- **INSTRUCTIONS FOR THE TASK**: Write out, word for word, every line in the data below from the one containing "Lemma C1_or f" to the one containing "(* Pairwise intersections", both of them included.

(Saved data entries)

● ● ● ● ●

(* Let $I\unlhd \mathcal O_K[x_1,\dots,x_n]$ be an ideal and let $w\in\mathbb R^n$. Then $$\overline{\operatorname{in}_{(-1,w)}(\pi^{-1}I)}\big|_{t=1}=\operatorname{in}_{\nu,w}(I).$$
   Context: Let $K$ be a complete field with a non-trivial discrete valuation $\nu:K\to\mathbb R\cup\{\infty\}$ and a uniformizing parameter $p\in K$, with $\nu$ normalized so that $\nu(p)=1$. Let $\mathcal O_K$ be its ring of integers and $\mathfrak K$ its residue field. Let $R\subseteq\mathcal O_K$ be a dense noetherian subring with $p\in R$. Write $x=(x_1,\dots,x_n)$. The map $\pi:R[[t]][x]\to\mathcal O_K[x]$, $t\mapsto p$, is surjective with kernel $\langle p-t\rangle$. For an ideal $I$, $\pi^{-1}I$ denotes its preimage in $R[[t]][x]$. Initial forms over $K$: for $f=\sum_\alpha c_\alpha x^\alpha\in K[x]$ and $w\in\mathbb R^n$, $\operatorname{in}_{\nu,w}(f)=\sum \overline{c_\alpha p^{-\nu(c_\alpha)}}\,x^\alpha\in\mathfrak K[x]$. The sum runs over those $\alpha$ with $c_\alpha\neq0$ for which $w\cdot\alpha-\nu(c_\alpha)$ is maximal, and the bar denotes reduction to $\mathfrak K$. For a subset $I$, $\operatorname{in}_{\nu,w}(I)$ is the ideal of $\mathfrak K[x]$ generated by all $\operatorname{in}_{\nu,w}(f)$ with $f\in I$. Initial forms over $R[[t]]$: for $f=\sum_{\beta,\alpha}c_{\alpha,\beta}t^\beta x^\alpha\in R[[t]][x]$ and $w\in\mathbb R_{<0}\times\mathbb R^n$, $\operatorname{in}_w(f)\in R[t,x]$ is the sum of the terms $c_{\alpha,\beta}t^\beta x^\alpha$ for which $w\cdot(\beta,\alpha)$ is maximal. For an ideal $J$, $\operatorname{in}_w(J)\unlhd R[t,x]$ is generated by all $\operatorname{in}_w(f)$ with $f\in J$. For $J\unlhd R[t,x]$, $\overline{J}|_{t=1}$ denotes the image of $J$ under the map $R[t,x]\to\mathfrak K[x]$. This map reduces coefficients modulo the maximal ideal of $\mathcal O_K$ and substitutes $t=1$. *)

From HB Require Import structures.
From mathcomp Require Import all_boot all_order all_algebra.
From mathcomp Require Import reals.
From mathcomp Require Import mpoly.
Set Implicit Arguments. Unset Strict Implicit. Unset Printing Implicit Defensive.
Import Order.TTheory GRing.Theory Num.Theory.
Local Open Scope ring_scope.

Definition is_ideal (A : comNzRingType) (P : A -> Prop) : Prop :=
  [/\ P 0, (forall x y, P x -> P y -> P (x + y)) &
      (forall a x, P x -> P (a * x))].

Definition gen_ideal (A : comNzRingType) (S : A -> Prop) (x : A) : Prop :=
  exists (k : nat) (a s : 'I_k -> A),
    (forall i, S (s i)) /\ x = \sum_(i < k) a i * s i.
Lemma one_coverP f R :
  reflect ((forall r x y, r \in R -> x \in r.1 -> y \in r.2 -> f x y) /\
           (forall x y, f x y -> exists2 r, r \in R & (x \in r.1) && (y \in r.2)))
          (one_cover f R).
Proof.
apply: (iffP andP) => [[/forallP onR /forallP covR]|[onR covR]]; split.
- move=> r x y rR xr yr.
  by move/implyP/(_ rR)/forallP/(_ x)/implyP/(_ xr)/forallP/(_ y)/implyP: (onR r); apply.
- move=> x y fxy; move/forallP/(_ y): (covR x); rewrite fxy => /existsP[r /andP[rR xyr]].
  by exists r.
- apply/forallP=> r; apply/implyP=> rR; apply/forallP=> x; apply/implyP=> xr.
  by apply/forallP=> y; apply/implyP=> yr; apply: onR rR xr yr.
- apply/forallP=> x; apply/forallP=> y; apply/implyP=> /covR[r rR xyr].
  by apply/existsP; exists r; rewrite rR.
Qed.

Lemma bigmin_le (I : eqType) (r : seq I) (P : pred I) (F : I -> nat) x i0 :
  i0 \in r -> P i0 -> \big[minn/x]_(i <- r | P i) F i <= F i0.
Proof.
elim: r => // j r IH; rewrite inE big_cons => /orP[/eqP<-|i0r] Pi0.
  by rewrite Pi0 geq_minl.
by case: ifP => _; [apply: leq_trans (geq_minr _ _) (IH i0r Pi0) | apply: IH].
Qed.

Lemma C1_le f R : one_cover f R -> C1 f <= #|R|.
Proof. by move=> covR; apply: bigmin_le; rewrite ?mem_index_enum. Qed.

Lemma C1_attained f : exists2 R, one_cover f R & #|R| = C1 f.
Proof.
have all_cover : one_cover f (all_one_rects f).
  apply/one_coverP; split=> [r x y|x y fxy].
    by rewrite inE => /forallP/(_ x)/implyP H /H/forallP/(_ y)/implyP.
  exists ([set x], [set y]); last by rewrite !inE !eqxx.
  rewrite inE; apply/forallP=> x'; apply/implyP; rewrite inE => /eqP->.
  by apply/forallP=> y'; apply/implyP; rewrite inE => /eqP->.
apply: (big_ind (fun v => exists2 R, one_cover f R & #|R| = v)) => //.
- by exists (all_one_rects f).
- by move=> a b [Ra ? <-] [Rb ? <-]; rewrite /minn; case: ifP => _; [exists Ra | exists Rb].
- by move=> R covR; exists R.
Qed.

Lemma C1_const f b : (forall x y, f x y = b) -> C1 f <= 1.
Proof.
move=> fE; case: b fE => fE.
- apply: leq_trans (C1_le (R := [set (setT, setT)]) _) _; last by rewrite cards1.
  apply/one_coverP; split=> [r x y _ _ _|x y _]; first by rewrite fE.
  by exists (setT, setT); rewrite ?inE.
- apply: leq_trans (C1_le (R := set0) _) _; last by rewrite cards0.
  by apply/one_coverP; split=> [r x y|x y]; rewrite ?inE ?fE.
Qed.

(* Union of 1-covers covers a disjunction. *)
Lemma C1_or f g h : (forall x y, h x y = f x y || g x y) -> C1 h <= C1 f + C1 g.
Proof.
move=> hE; have [Rf /one_coverP[onf covf] <-] := C1_attained f.
have [Rg /one_coverP[ong covg] <-] := C1_attained g.
apply: leq_trans (C1_le (R := Rf :|: Rg) _) _; last by rewrite -cardsUI leq_addr.
apply/one_coverP; split=> [r x y|x y].
  by rewrite inE hE => /orP[] rR xr yr; [rewrite (onf r) | rewrite (ong r) ?orbT].
by rewrite hE => /orP[/covf|/covg] [r rR xyr]; exists r; rewrite // inE rR ?orbT.
Qed.

(* Pairwise intersections of 1-covers cover a conjunction. *)
Lemma C1_and f g h : (forall x y, h x y = f x y && g x y) -> C1 h <= C1 f * C1 g.
Proof.
move=> hE; have [Rf /one_coverP[onf covf] <-] := C1_attained f.
have [Rg /one_coverP[ong covg] <-] := C1_attained g.
pose meet (rs : rect X Y * rect X Y) : rect X Y :=
  (rs.1.1 :&: rs.2.1, rs.1.2 :&: rs.2.2).
apply: leq_trans (C1_le (R := meet @: setX Rf Rg) _) _.
  apply/one_coverP; split=> [r x y|x y].
    move=> /imsetP[[r1 r2]]; rewrite inE /= => /andP[r1R r2R] -> /=.
    by rewrite !inE => /andP[x1 x2] /andP[y1 y2]; rewrite hE (onf r1) // (ong r2).
  rewrite hE => /andP[/covf[r1 r1R /andP[x1 y1]] /covg[r2 r2R /andP[x2 y2]]].
  exists (meet (r1, r2)); first by apply/imsetP; exists (r1, r2); rewrite // inE r1R r2R.
  by rewrite /= !inE x1 x2 y1 y2.
by rewrite -cardsX leq_imset_card.
Qed.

● ● ● ● ●

- **EXERCISE SOLUTION**:
Lemma C1_or f g h : (forall x y, h x y = f x y || g x y) -> C1 h <= C1 f + C1 g.
Proof.
move=> hE; have [Rf /one_coverP[onf covf] <-] := C1_attained f.
have [Rg /one_coverP[ong covg] <-] := C1_attained g.
apply: leq_trans (C1_le (R := Rf :|: Rg) _) _; last by rewrite -cardsUI leq_addr.
apply/one_coverP; split=> [r x y|x y].
  by rewrite inE hE => /orP[] rR xr yr; [rewrite (onf r) | rewrite (ong r) ?orbT].
by rewrite hE => /orP[/covf|/covg] [r rR xyr]; exists r; rewrite // inE rR ?orbT.
Qed.

(* Pairwise intersections of 1-covers cover a conjunction. *)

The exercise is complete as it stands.